On February 21, 2019, CDCR’s trust office submitted plaintiff’s trust account statement 

for the six months preceding the filing of this case. ECF No. 6. That statement revealed that, 

contrary to his representations in his IFP application, plaintiff had received two monetary 

settlements during that period (or one settlement that posted to the account in two chunks), 

posting to the account on September 11, 2018. Id. The first amount, for $2069, was entirely used 

up to pay a restitution fine and other fees owed by plaintiff. Id. The second amount was for 

$4,931. Id. Over the next several months, plaintiff used this money to purchase unknown items1, 

pay phone bills2, and make substantial withdrawals. Significantly, on October 31, 2018, plaintiff 

withdrew $1500 from the trust account. Id. This withdrawal is labeled “phone and legal” on the 

trust account statement, but plaintiff has not provided any further information about it. And, on 

November 15, 2018, plaintiff withdrew $1000 from the account, which the statement labels as 

“attorney.” Id. Again, plaintiff has not elaborated on these withdrawals or any of the other 

expenditures. 

Defendants seek judicial notice of documents from other cases in which plaintiff sought 

IFP status or fee waiver. That request is granted. Fed. R. Evid. 201. The court also grants 

defendants’ request for judicial notice of the inmate trust account statement filed for plaintiff in 

Newsome v. Innis-Burton, et al., E.D. Cal. Case No. 2:19-cv-01862-JAM-DMC, which reveals 

1

 Plaintiff paid the following nontrivial sums for “sales” or to Walkenhorst’s (a company 

that sells products to inmates): (1) $101.30 (sales, September 17, 2018), (2) $118.30 (sales, 

September 17, 2018), (3) $288.79 (Walkenhorst’s, October 10, 2018), (4) $114.40 (sales, October 

16, 2018), (5) $105.45 (sales, October 22, 2018), (6) $194.45 (sales, November 14, 2018), (7) 

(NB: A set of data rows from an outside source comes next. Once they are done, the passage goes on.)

(* Let $\mathcal{M}$ be a deterministic MDP with $|\mathcal{S}\times\mathcal{A}|<\infty$, and let $\mathcal{D}$ be an offline dataset of transitions such that $N(s,a,\mathcal{T}(s,a))\ge1$ for every $(s,a)\in\mathcal{S}\times\mathcal{A}$. Then DiSPOs trained on $\mathcal{D}$ are guaranteed to identify an optimal policy (for any reward $r(s)=w_r^\top\phi(s)$ linear in the features).
   Context: $\mathcal{M}$ has state space $\mathcal{S}$, action space $\mathcal{A}$, deterministic transition $\mathcal{T}:\mathcal{S}\times\mathcal{A}\to\mathcal{S}$, discount $\gamma\in(0,1)$, and reward $r(s)=w_r^\top\phi(s)$ for a feature map $\phi:\mathcal{S}\to\mathbb{R}^d$. $N(s,a,s')$ denotes the number of occurrences of the transition $(s,a,s')$ in the dataset $\mathcal{D}$. A DiSPO consists of (1) an outcome model $p(\psi\mid s)$, the distribution of successor features $\psi=\sum_{t\ge1}\gamma^{t-1}\phi(s_t)$ over trajectories starting at $s_1=s$ that are covered by the dataset (learned by the fixed point of the distributional Bellman update: $p(\cdot\mid s)$ maximizes the likelihood of $\phi(s)+\gamma\psi_{s'}$ with $(s,a,s')\in\mathcal{D}$, $\psi_{s'}\sim p(\cdot\mid s')$), and (2) a readout policy $\pi(a\mid s,\psi)$ which outputs an action $a$ at $s$ whose dataset transition $(s,a,s')$ realizes the outcome $\psi=\phi(s)+\gamma\psi_{s'}$ with $\psi_{s'}$ in the support of $p(\cdot\mid s')$. The DiSPO policy at state $s$ selects $\psi^*\in\arg\max_\psi w_r^\top\psi$ subject to $p(\psi\mid s)>0$ and takes the action $a\sim\pi(a\mid s,\psi^* )$. *)

From HB Require Import structures.
From mathcomp Require Import all_boot all_order all_algebra.
From mathcomp Require Import all_classical all_reals.
From mathcomp Require Import topology normedtype sequences.
Set Implicit Arguments. Unset Strict Implicit. Unset Printing Implicit Defensive.
Import Order.TTheory GRing.Theory Num.Theory.
Import numFieldNormedType.Exports.
Local Open Scope classical_set_scope.
Local Open Scope ring_scope.

(** Deterministic trajectory s_1 = s0, s_{k+1} = T(s_k, a_k)  (0-indexed here). *)
Fixpoint traj (S A : Type) (T : S -> A -> S) (s0 : S) (a : nat -> A) (k : nat) : S :=
  match k with
  | 0 => s0
  | k'.+1 => T (traj T s0 a k') (a k')
  end.

Fixpoint rollout (S A : Type) (T : S -> A -> S) (mu : S -> A) (s0 : S) (k : nat) : S :=
  match k with
  | 0 => s0
  | k'.+1 => T (rollout T mu s0 k') (mu (rollout T mu s0 k'))
  end.

Definition dotv (R : realType) (d : nat) (w x : 'I_d -> R) : R :=
  \sum_(i < d) w i * x i.

Definition succ_feat (R : realType) (S : Type) (d : nat) (gamma : R)
  (phi : S -> 'I_d -> R) (x : nat -> S) : 'I_d -> R :=
  fun i => limn (series (fun k => gamma ^+ k * phi (x k) i)).

Definition disc_return (R : realType) (S : Type) (d : nat) (gamma : R)
  (phi : S -> 'I_d -> R) (w : 'I_d -> R) (x : nat -> S) : R :=
  limn (series (fun k => gamma ^+ k * dotv w (phi (x k)))).

Definition covered (S A : Type) (T : S -> A -> S) (N : S -> A -> S -> nat)
  (s0 : S) (a : nat -> A) : Prop :=
  forall k, (0 < N (traj T s0 a k) (a k) (traj T s0 a k.+1))%N.

(** Support of the DiSPO outcome model p(. | s): successor features of all
    dataset-covered trajectories starting at s. *)
Definition outcome_support (R : realType) (S A : Type) (d : nat)
  (T : S -> A -> S) (N : S -> A -> S -> nat) (gamma : R)
  (phi : S -> 'I_d -> R) (s : S) : set ('I_d -> R) :=
  [set psi | exists a : nat -> A,
      covered T N s a /\ psi = succ_feat gamma phi (traj T s a)].

Definition is_readout (R : realType) (S A : Type) (d : nat)
  (T : S -> A -> S) (N : S -> A -> S -> nat) (gamma : R)
  (phi : S -> 'I_d -> R) (pi : S -> ('I_d -> R) -> A) : Prop :=
  forall s psi, outcome_support T N gamma phi s psi ->
    (0 < N s (pi s psi) (T s (pi s psi)))%N /\
    exists psi', outcome_support T N gamma phi (T s (pi s psi)) psi' /\
      psi = (fun i => phi s i + gamma * psi' i).
Local Notation A := (Ldiv_group cG 9).
Local Notation B := (Ldiv_group cG (n ^ 2)).
Local Notation phi := (@split_char gT G 9 (n ^ 2) cG).
Local Notation tau := (r%:R - (3 * n)%:R : algC).

Definition chiD i j := \sum_(g in D) phi i j g.

Lemma chiD_eigen i j : (i != 0) || (j != 0) -> chiD i j = r%:R \/ chiD i j = tau.
Proof.
move=> nz; apply: conj_quadratic_root; rewrite ?rmorphB ?rmorph_nat //.
  have -> : r%:R + tau = - 5%:R by rewrite -hnr natrD natrM; ring.
  by rewrite oppr_eq0 pnatr_eq0.
have := pds_char_norm sDG hl hm (split_char1 i j) (split_charM oG co9 i j)
  (split_charV oG co9 i j).
rewrite sum_split_char_eq0 // (negbTE one_notin_D) /= hk lamE muE -/(chiD i j).
by move=> ->; rewrite natrM natrD natrM; ring.
Qed.

Let cA : abelian A := abelianS (Ldiv_group_sub cG 9) cG.
Let cB : abelian B := abelianS (Ldiv_group_sub cG (n ^ 2)) cG.

Definition chiDB j := \sum_(g in D | g \in B) 'chi[B]_j g.
Definition ntau j := #|[set i | chiD i j == tau]|.

Lemma chiD_val i j :
  (i != 0) || (j != 0) -> chiD i j = r%:R - (3 * n)%:R *+ (chiD i j == tau).
Proof.
move=> nz; case: (chiD_eigen nz) => ->; last by rewrite eqxx.
suff /negbTE-> : r%:R != tau by rewrite subr0.
by rewrite -subr_eq0 opprB addrC subrK pnatr_eq0 muln_eq0 -lt0n n_gt0.
Qed.

Lemma sum_chiD_A j : \sum_i chiD i j = 9%:R * chiDB j.
Proof.
rewrite /chiD exchange_big /= /chiDB big_mkcondr mulr_sumr /=.
apply: eq_bigr => g Dg; rewrite sum_split_charA ?(subsetP sDG) //.
by case: (g \in B); rewrite ?mulr0 ?mul0r.
Qed.

Lemma chiDB_int j : j != 0 -> chiDB j \is a Num.int.
Proof.
move=> nj; apply: Cint_rat_Aint.
  have -> : chiDB j = (\sum_i chiD i j) / 9%:R.
    by rewrite sum_chiD_A [9%:R * _]mulrC mulfK ?pnatr_eq0.
  apply: rpred_div (rpred_nat _ _); apply: rpred_sum => i _.
  by rewrite chiD_val ?nj ?orbT // rpredB ?rpredMn ?rpred_nat.
apply: rpred_sum => g /andP[_ Bg]; apply: (@Aint_unity_root (n ^ 2)).
  by rewrite expn_gt0 n_gt0.
rewrite unity_rootE; apply/eqP/irrX_abelian => //.
by move: Bg; rewrite mem_Ldiv_group => /andP[_ /eqP].
Qed.

Lemma chiDB_val j :
  j != 0 -> (3 %| ntau j)%N /\ chiDB j = r%:R - n%:R * (ntau j %/ 3)%:R.
Proof.
move=> nj.
have sum9 : 9%:R * chiDB j = (9 * r)%:R - (3 * n * ntau j)%:R.
  rewrite -sum_chiD_A (eq_bigr _ (fun i _ => chiD_val (i := i) (j := j) _));
    last by move=> i _; rewrite nj orbT.
  rewrite sumrB sumr_const card_Iirr_abelian // (card_Ldiv_groupl cG oG co9).
  rewrite sumrMnr.
  have -> : (\sum_i (chiD i j == tau : nat))%N = ntau j.
    rewrite /ntau -sum1dep_card [RHS]big_mkcond.
    by apply: eq_bigr => i _; case: (_ == _).
  by rewrite !natrM; ring.
(* 9 chiDB j = 9r - 3n ntau j with chiDB j integral, and 3 is prime to n. *)
have [y yE] := intrP (chiDB_int nj).
have e9 : (9 * y = 9 * r%:Z - 3 * n%:Z * (ntau j)%:Z)%R.
  by apply: (@intr_inj algC); rewrite !(intrM, intrB) -yE -!pmulrn sum9 !natrM.
have d3 : (3 %| ntau j)%N.
  by rewrite -(Gauss_dvdr _ co3n); apply/dvdnP; exists `|r%:Z - y|%N; lia.
split=> //; rewrite yE; have /dvdnP[J MJ] := d3; rewrite MJ mulnK //.
have -> : y = r%:Z - n%:Z * J%:Z by move: e9; rewrite MJ PoszM; lia.
by rewrite intrB intrM -!pmulrn.
Qed.

Lemma chiD_conjC i j : j != 0 -> chiD (conjC_Iirr i) j = chiD i j.
Proof.
move=> nj; have [u uE] := split_char_aut cG oG co9.
have uchiD : u (chiD i j) = chiD i j.
  have nz : (i != 0) || (j != 0) by rewrite nj orbT.
  case: (chiD_eigen nz) => ->; first by rewrite rmorph_nat.
  by rewrite rmorphB !rmorph_nat.
rewrite -[RHS]uchiD rmorph_sum; apply: eq_bigr => g Dg.
by rewrite uE ?(subsetP sDG).
Qed.

(* The automorphism of split_char_aut pairs the i with chiD i j = tau, and
   only i = 0 is unpaired since A has odd order. *)
Lemma odd_ntau j : j != 0 -> odd (ntau j) = (chiD 0 j == tau).
Proof.
move=> nj.
have tauC i : (chiD (conjC_Iirr i) j == tau) = (chiD i j == tau).
  by rewrite chiD_conjC.
have even := card_nonfixed_even (@conjC_IirrK _ A) tauC.
have -> : ntau j = ((chiD 0%R j == tau)
                    + #|[set i | chiD i j == tau & conjC_Iirr i != i]|)%N.
  rewrite /ntau (cardsD1 0) inE; congr (_ + _)%N; apply: eq_card => i.
  rewrite !inE andbC; congr (_ && _).
  apply/idP/idP => [i0|]; last by apply: contra => /eqP->; rewrite conjC_Iirr0.
  apply: contra i0 => /eqP/conjC_Iirr_fixed_abelian-> //.
  by rewrite (card_Ldiv_groupl cG oG co9).
by rewrite oddD (negbTE even) addbF oddb.
Qed.

Lemma ntau_div3_bound j : j != 0 ->
  (2 * (ntau j %/ 3) <= (chiD 0%R j == tau) + (ntau j %/ 3) ^ 2)%N.
Proof.
move=> nj; have [/dvdnP[J MJ] _] := chiDB_val nj.
have := odd_ntau nj; rewrite MJ mulnK // oddM andbT.
case: (chiD 0 j == tau) => [_|]; first by nia.
by case: J {MJ} => [|[|J]] //= _; nia.
Qed.

Lemma chiD00 : chiD 0 0 = (r * (3 * n + 1))%:R.
Proof.
rewrite /chiD (eq_bigr (fun=> 1)) ?sumr_const ?hk // => g Dg.
by rewrite split_char00 ?(subsetP sDG).
Qed.

Lemma chiDB0 : chiDB 0 = #|D :&: B|%:R.
Proof.
rewrite /chiDB (eq_bigr (fun=> 1)) => [|g /andP[_ Bg]]; last first.
  by rewrite irr0 cfun1E Bg.
by rewrite sumr_const; congr (_%:R); apply: eq_card => g; rewrite inE.
Qed.

Lemma sum_chiD0_B : \sum_j chiD 0 j = (n ^ 2 * #|D :&: A|)%:R.
Proof.
rewrite /chiD exchange_big /= (eq_bigr (fun g => (n ^ 2)%:R *+ (g \in A)));
  last by move=> g Dg; rewrite sum_split_charB ?(subsetP sDG).
rewrite (eq_bigr _ (fun g _ => mulrb _ _)) -big_mkcondr sumr_const.
rewrite natrM mulr_natr.
by congr (_ *+ _); apply: eq_card => g; rewrite inE.
Qed.

Lemma sum_chiDB : \sum_j chiDB j = 0.
Proof.
rewrite /chiDB exchange_big /=; apply: big1 => g /andP[Dg Bg].
transitivity ((#|B|%:R : algC) *+ (g == 1%g)).
  exact: (sum_irr_abelian cB Bg).
case: eqP => [g1|]; last by rewrite mulr0n.
by move: Dg (one_notin_D); rewrite g1 => ->.
Qed.

Lemma sum_chiDB_norm : \sum_j chiDB j * (chiDB j)^* = (n ^ 2 * #|D :&: B|)%:R.
Proof.
rewrite /chiDB (eq_bigr (fun j => \sum_(g in D | g \in B) \sum_(h in D | h \in B)
            'chi[B]_j g * ('chi_j h)^*)); last first.
  move=> j _; rewrite rmorph_sum mulr_suml; apply: eq_bigr => g _.
  by rewrite mulr_sumr.
rewrite exchange_big /= (eq_bigr (fun=> (n ^ 2)%:R)) => [|g /andP[Dg Bg]].
  rewrite sumr_const natrM mulr_natr; congr (_ *+ _).
  by apply: eq_card => g; rewrite inE.
rewrite exchange_big /= (bigD1 g) /=; last by rewrite Dg.
rewrite (sum_irr_conj_abelian cB Bg Bg) eqxx (card_Ldiv_groupr cG oG co9).
rewrite big1 ?addr0 // => h /andP[/andP[Dh Bh] hg].
by rewrite (sum_irr_conj_abelian cB Bg Bh) eq_sym (negbTE hg).
Qed.

Lemma card_Iirr_nonzero : (#|[pred j : Iirr B | j != 0%R]| + 1 = n ^ 2)%N.
Proof.
rewrite (cardC1 (0 : Iirr B)) addn1 prednK ?card_Iirr_abelian //.
exact: (card_Ldiv_groupr cG oG co9).
Qed.

Lemma no_pds : False.
Proof.
pose e j := (chiD 0 j == tau : nat); pose J j := (ntau j %/ 3)%N.
pose c := #|[pred j : Iirr B | j != 0%R]|.
pose E := (\sum_(j | j != 0%R) e j)%N; pose S1 := (\sum_(j | j != 0%R) J j)%N.
pose S2 := (\sum_(j | j != 0%R) J j ^ 2)%N.
apply: (@moment_equations_infeasible n r c #|D :&: A| #|D :&: B| E S1 S2 hnr
  card_Iirr_nonzero).
- have := sum_chiD0_B; rewrite (bigD1 0) //= chiD00.
  rewrite (eq_bigr (fun j => r%:R - (3 * n)%:R *+ e j)) => [|j nj]; last first.
    by rewrite -chiD_val ?nj ?orbT.
  rewrite sumrB sumr_const sumrMnr -/c -/E => h.
  apply/eqP; rewrite -(eqr_nat algC) natrD (natrD _ (n ^ 2 * _)%N) -h; apply/eqP.
  by rewrite !natrM; ring.
- have := sum_chiDB; rewrite (bigD1 0) //= chiDB0.
  rewrite (eq_bigr (fun j => r%:R - n%:R * (J j)%:R)) => [|j nj]; last first.
    by have [_ ->] := chiDB_val nj.
  rewrite sumrB sumr_const -mulr_sumr -natr_sum -/c -/S1 => h.
  apply/eqP; rewrite -(eqr_nat algC) -subr_eq0 -h; apply/eqP.
  by rewrite !natrD !natrM; ring.
- have := sum_chiDB_norm; rewrite (bigD1 0) //= chiDB0 rmorph_nat.
  rewrite (eq_bigr (fun j => r%:R ^+ 2 + n%:R ^+ 2 * (J j ^ 2)%:R
                              - 2%:R * r%:R * n%:R * (J j)%:R)) => [|j nj].
    rewrite sumrB big_split /= sumr_const -!mulr_sumr -!natr_sum.
    rewrite -/c -/S1 -/S2 => h.
    apply/eqP; rewrite -(eqr_nat algC) (natrD _ (n ^ 2 * _)%N) -h; apply/eqP.
    by rewrite !natrD !natrX !natrM; ring.
  have [_ ->] := chiDB_val nj.
  by rewrite rmorphB rmorphM /= !rmorph_nat natrX; ring.
rewrite /E /S1 /S2 big_distrr -big_split /=.
by apply: leq_sum => j nj; apply: ntau_div3_bound.
Qed.

End NoPDS.

Theorem theorem6 (gT : finGroupType) (G : {group gT}) (p s : nat) :
  abelian G -> prime p -> (5 <= p)%N -> (0 < s)%N ->
  #|G| = (9 * p ^ (4 * s))%N ->
  ~ exists D : {set gT},
      is_pds G D (9 * p ^ (4 * s))
        ((3 * p ^ (2 * s) - 5) %/ 2 * (3 * p ^ (2 * s) + 1))
        (- (3 * p ^ (2 * s))%:Z + (((3 * p ^ (2 * s) - 5) %/ 2) ^ 2)%:Z
           + (3 * ((3 * p ^ (2 * s) - 5) %/ 2))%:Z)
        ((((3 * p ^ (2 * s) - 5) %/ 2) ^ 2 + (3 * p ^ (2 * s) - 5) %/ 2)%:Z).
Proof.
move=> cG p_pr p_ge5 s_gt0 oG [D [sDG _ hk hl hm]].
have sq : (p ^ (4 * s) = (p ^ (2 * s)) ^ 2)%N by rewrite -expnM mulnAC.
move: oG hk hl hm; rewrite sq.
set n := (p ^ (2 * s))%N; set r := ((3 * n - 5) %/ 2)%N => oG hk hl hm.
have co3n : coprime 3 n.
  rewrite coprimeXr // prime_coprime // dvdn_prime2 //.
  by apply: contraTneq p_ge5 => <-.
have hnr : (2 * r + 5 = 3 * n)%N.
  have p_odd : odd p by case: (even_prime p_pr) p_ge5 => [->|].
  have n_odd : odd n by rewrite oddX p_odd orbT.
  have n_ge5 : (5 <= n)%N.
    have : (p ^ 1 <= n)%N by rewrite /n leq_pexp2l ?(prime_gt0 p_pr); lia.
    by rewrite expn1; apply: leq_trans.
  rewrite /r -(odd_double_half n) n_odd in n_ge5 *; lia.
exact: (no_pds cG oG co3n hnr sDG hk hl hm).
Qed.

71.95 (“SPO withdrawal,” November 15, 2018), (8) $92.80 (sales, November 26, 2018), (9) 

$71.95 (sales, November 27, 2018), (10) $198.75 (sales, December 17, 2018), (11) $219.30 

(sales, January 22, 2019), and (11) $127.90 (sales, February 19, 2019). 

2

 Plaintiff made three payments of $150 for telephone bills during the six months 

preceding the filing of this action.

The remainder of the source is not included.